### Work to be completed
In the records below, begin at the line containing "(L : R) (L_pos" and end at the line containing "apply: le_trans (lee_wpmul2l"; quote every line in that span exactly, including both boundary lines, and no others.

(Provided records begins)

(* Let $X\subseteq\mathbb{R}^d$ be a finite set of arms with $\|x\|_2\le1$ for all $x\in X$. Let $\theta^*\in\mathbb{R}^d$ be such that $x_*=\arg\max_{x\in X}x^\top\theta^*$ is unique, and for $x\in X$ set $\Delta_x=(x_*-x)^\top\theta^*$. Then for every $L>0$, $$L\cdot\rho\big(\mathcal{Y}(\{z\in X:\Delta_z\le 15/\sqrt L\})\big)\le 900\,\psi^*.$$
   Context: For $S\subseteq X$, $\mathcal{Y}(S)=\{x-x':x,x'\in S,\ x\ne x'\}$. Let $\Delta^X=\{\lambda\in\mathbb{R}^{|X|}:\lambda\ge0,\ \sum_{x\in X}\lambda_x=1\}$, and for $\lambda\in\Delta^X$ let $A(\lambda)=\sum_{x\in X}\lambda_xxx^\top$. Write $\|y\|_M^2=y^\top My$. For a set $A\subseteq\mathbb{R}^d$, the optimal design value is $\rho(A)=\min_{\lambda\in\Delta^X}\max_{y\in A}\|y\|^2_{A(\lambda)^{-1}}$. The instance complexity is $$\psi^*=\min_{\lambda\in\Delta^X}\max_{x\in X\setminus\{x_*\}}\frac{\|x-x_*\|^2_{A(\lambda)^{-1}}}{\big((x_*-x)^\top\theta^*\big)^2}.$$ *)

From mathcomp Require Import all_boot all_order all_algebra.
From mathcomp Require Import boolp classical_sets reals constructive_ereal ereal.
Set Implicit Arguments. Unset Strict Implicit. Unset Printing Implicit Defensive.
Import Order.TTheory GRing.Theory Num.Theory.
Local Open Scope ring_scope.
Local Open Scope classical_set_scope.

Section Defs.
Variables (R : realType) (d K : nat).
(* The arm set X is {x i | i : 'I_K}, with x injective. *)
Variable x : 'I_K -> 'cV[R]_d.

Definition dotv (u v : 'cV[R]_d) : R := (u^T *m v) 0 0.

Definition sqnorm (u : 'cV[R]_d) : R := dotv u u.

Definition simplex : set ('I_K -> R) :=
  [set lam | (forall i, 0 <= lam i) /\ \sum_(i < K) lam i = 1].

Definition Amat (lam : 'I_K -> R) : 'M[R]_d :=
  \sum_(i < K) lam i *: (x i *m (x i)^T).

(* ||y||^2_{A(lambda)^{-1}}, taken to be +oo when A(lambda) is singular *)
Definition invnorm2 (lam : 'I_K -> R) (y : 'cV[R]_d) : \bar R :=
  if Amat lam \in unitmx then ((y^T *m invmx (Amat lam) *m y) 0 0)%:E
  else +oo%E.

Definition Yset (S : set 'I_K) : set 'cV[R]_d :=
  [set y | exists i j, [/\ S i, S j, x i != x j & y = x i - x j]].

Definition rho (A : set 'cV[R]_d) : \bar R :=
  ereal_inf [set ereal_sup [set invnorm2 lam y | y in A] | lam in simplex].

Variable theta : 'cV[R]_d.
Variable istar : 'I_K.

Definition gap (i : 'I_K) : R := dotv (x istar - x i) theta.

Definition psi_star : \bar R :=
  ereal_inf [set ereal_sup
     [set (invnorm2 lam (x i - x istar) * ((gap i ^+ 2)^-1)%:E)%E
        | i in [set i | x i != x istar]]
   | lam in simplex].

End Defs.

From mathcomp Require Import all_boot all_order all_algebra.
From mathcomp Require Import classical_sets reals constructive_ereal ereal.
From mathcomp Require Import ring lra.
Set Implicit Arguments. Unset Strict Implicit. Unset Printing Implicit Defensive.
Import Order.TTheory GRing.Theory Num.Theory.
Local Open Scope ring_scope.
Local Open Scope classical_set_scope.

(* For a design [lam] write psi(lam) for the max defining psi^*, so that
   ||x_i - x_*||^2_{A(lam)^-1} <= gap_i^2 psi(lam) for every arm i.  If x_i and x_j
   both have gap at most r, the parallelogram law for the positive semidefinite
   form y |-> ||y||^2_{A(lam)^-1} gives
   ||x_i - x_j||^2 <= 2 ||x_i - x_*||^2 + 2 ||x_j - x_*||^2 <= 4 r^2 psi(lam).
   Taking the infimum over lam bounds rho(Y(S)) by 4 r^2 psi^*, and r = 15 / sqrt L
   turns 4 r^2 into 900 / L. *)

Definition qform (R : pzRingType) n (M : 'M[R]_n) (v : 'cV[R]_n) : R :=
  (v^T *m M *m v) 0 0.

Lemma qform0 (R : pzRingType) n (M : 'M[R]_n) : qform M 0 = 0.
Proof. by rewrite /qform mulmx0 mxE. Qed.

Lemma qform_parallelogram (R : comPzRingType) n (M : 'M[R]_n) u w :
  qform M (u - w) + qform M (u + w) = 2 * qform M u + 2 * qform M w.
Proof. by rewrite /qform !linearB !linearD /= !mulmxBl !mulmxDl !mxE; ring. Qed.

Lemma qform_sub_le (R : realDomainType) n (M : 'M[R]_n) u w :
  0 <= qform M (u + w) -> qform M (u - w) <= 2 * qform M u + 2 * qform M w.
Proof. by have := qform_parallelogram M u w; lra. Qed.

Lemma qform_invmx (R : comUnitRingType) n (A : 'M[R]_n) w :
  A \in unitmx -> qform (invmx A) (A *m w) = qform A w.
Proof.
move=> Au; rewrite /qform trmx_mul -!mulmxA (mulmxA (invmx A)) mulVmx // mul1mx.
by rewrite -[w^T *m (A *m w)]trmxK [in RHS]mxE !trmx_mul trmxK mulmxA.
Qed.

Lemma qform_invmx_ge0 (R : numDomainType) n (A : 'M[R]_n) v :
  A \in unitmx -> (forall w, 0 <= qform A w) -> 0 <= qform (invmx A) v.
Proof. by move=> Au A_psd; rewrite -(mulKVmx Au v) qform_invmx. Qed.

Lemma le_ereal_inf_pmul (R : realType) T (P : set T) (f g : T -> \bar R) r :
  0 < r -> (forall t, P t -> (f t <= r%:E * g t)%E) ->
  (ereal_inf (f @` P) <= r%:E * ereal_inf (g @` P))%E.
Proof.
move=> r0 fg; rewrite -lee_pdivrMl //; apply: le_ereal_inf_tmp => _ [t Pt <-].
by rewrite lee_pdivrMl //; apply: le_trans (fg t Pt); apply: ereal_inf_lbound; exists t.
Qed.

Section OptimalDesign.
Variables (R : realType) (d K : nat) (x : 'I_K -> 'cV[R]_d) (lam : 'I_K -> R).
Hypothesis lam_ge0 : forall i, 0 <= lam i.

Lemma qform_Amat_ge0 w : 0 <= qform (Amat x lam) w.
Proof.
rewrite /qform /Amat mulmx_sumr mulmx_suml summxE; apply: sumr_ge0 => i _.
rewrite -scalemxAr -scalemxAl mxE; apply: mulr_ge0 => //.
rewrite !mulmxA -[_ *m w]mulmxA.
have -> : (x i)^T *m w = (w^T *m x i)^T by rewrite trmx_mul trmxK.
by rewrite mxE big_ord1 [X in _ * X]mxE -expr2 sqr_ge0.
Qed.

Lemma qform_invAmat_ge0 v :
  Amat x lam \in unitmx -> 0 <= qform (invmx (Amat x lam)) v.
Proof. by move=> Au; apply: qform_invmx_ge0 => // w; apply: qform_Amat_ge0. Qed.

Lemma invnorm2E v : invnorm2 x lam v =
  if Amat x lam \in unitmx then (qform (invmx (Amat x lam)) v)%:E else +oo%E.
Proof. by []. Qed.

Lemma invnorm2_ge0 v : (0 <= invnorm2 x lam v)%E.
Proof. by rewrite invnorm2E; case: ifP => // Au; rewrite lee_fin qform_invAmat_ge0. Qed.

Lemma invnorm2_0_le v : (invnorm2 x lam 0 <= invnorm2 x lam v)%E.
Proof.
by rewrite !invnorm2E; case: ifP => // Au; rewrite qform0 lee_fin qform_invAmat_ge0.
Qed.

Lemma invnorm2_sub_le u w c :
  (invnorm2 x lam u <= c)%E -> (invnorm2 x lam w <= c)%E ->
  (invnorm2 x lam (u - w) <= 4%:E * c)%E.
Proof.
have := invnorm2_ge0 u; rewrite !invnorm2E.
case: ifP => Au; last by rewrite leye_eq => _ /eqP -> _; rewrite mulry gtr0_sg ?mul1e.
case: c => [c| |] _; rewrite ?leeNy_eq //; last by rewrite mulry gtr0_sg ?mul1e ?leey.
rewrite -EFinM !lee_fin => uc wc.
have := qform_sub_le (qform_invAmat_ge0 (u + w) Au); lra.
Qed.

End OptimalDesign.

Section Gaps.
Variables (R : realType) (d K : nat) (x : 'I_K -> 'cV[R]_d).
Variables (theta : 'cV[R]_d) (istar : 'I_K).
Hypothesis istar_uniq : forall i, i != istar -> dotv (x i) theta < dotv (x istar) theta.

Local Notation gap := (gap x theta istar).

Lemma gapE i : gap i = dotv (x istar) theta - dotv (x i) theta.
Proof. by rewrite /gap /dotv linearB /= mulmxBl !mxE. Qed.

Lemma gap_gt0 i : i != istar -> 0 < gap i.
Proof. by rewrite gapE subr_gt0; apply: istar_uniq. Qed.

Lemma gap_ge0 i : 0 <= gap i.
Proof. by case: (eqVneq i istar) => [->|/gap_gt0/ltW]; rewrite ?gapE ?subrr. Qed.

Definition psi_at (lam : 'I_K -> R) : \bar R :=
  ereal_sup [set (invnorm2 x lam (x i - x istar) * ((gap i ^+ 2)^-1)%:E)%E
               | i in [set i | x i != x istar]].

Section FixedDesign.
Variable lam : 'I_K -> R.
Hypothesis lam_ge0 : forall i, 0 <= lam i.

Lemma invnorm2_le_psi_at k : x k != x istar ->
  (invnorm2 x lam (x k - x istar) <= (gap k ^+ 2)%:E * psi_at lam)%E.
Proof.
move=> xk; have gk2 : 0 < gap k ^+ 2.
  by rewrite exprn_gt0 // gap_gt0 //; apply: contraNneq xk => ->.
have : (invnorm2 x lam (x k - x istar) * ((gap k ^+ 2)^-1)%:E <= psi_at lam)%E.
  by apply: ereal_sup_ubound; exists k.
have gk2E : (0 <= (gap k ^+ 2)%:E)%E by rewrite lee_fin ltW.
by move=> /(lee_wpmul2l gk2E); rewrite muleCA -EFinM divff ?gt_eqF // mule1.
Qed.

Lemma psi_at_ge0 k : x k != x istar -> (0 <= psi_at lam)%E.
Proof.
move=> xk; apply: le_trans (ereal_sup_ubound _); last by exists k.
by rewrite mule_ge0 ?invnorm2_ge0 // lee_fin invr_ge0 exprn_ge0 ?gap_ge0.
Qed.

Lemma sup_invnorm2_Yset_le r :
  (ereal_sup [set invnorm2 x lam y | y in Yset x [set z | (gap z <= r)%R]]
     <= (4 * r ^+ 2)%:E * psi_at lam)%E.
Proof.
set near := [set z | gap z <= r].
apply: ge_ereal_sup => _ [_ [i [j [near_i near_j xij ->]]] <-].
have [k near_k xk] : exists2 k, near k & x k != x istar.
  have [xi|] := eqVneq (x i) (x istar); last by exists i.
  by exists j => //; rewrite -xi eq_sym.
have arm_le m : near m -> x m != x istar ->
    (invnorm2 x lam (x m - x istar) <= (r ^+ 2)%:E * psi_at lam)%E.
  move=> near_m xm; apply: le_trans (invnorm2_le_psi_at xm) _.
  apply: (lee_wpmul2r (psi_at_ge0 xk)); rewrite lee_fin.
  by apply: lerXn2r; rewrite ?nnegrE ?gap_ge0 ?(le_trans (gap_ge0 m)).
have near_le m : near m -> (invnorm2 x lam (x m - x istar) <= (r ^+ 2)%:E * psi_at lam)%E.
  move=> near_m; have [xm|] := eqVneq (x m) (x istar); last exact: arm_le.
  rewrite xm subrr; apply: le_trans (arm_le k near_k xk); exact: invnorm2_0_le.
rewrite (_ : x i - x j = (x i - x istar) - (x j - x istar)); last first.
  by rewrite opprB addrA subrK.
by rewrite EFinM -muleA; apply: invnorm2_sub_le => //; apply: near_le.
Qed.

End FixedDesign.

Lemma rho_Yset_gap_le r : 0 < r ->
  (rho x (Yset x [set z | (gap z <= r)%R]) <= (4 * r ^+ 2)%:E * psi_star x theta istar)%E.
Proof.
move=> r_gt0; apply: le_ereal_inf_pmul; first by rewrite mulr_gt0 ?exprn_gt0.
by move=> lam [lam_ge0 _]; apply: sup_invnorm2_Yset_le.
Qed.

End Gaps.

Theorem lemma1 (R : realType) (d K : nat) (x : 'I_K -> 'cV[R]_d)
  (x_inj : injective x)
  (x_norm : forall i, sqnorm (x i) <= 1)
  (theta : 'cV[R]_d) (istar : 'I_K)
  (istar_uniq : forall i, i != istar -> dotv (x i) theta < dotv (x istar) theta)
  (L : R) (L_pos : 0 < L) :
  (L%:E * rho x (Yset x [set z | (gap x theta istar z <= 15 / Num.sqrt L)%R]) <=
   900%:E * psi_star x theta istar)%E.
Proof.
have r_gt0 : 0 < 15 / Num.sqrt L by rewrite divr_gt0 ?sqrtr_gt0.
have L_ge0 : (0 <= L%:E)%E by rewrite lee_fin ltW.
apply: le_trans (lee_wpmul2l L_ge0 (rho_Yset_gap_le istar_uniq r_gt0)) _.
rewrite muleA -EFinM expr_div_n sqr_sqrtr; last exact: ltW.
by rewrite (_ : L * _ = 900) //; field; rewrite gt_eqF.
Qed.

(Provided records ends)

### Result below
  (L : R) (L_pos : 0 < L) :
  (L%:E * rho x (Yset x [set z | (gap x theta istar z <= 15 / Num.sqrt L)%R]) <=
   900%:E * psi_star x theta istar)%E.
Proof.
have r_gt0 : 0 < 15 / Num.sqrt L by rewrite divr_gt0 ?sqrtr_gt0.
have L_ge0 : (0 <= L%:E)%E by rewrite lee_fin ltW.
apply: le_trans (lee_wpmul2l L_ge0 (rho_Yset_gap_le istar_uniq r_gt0)) _.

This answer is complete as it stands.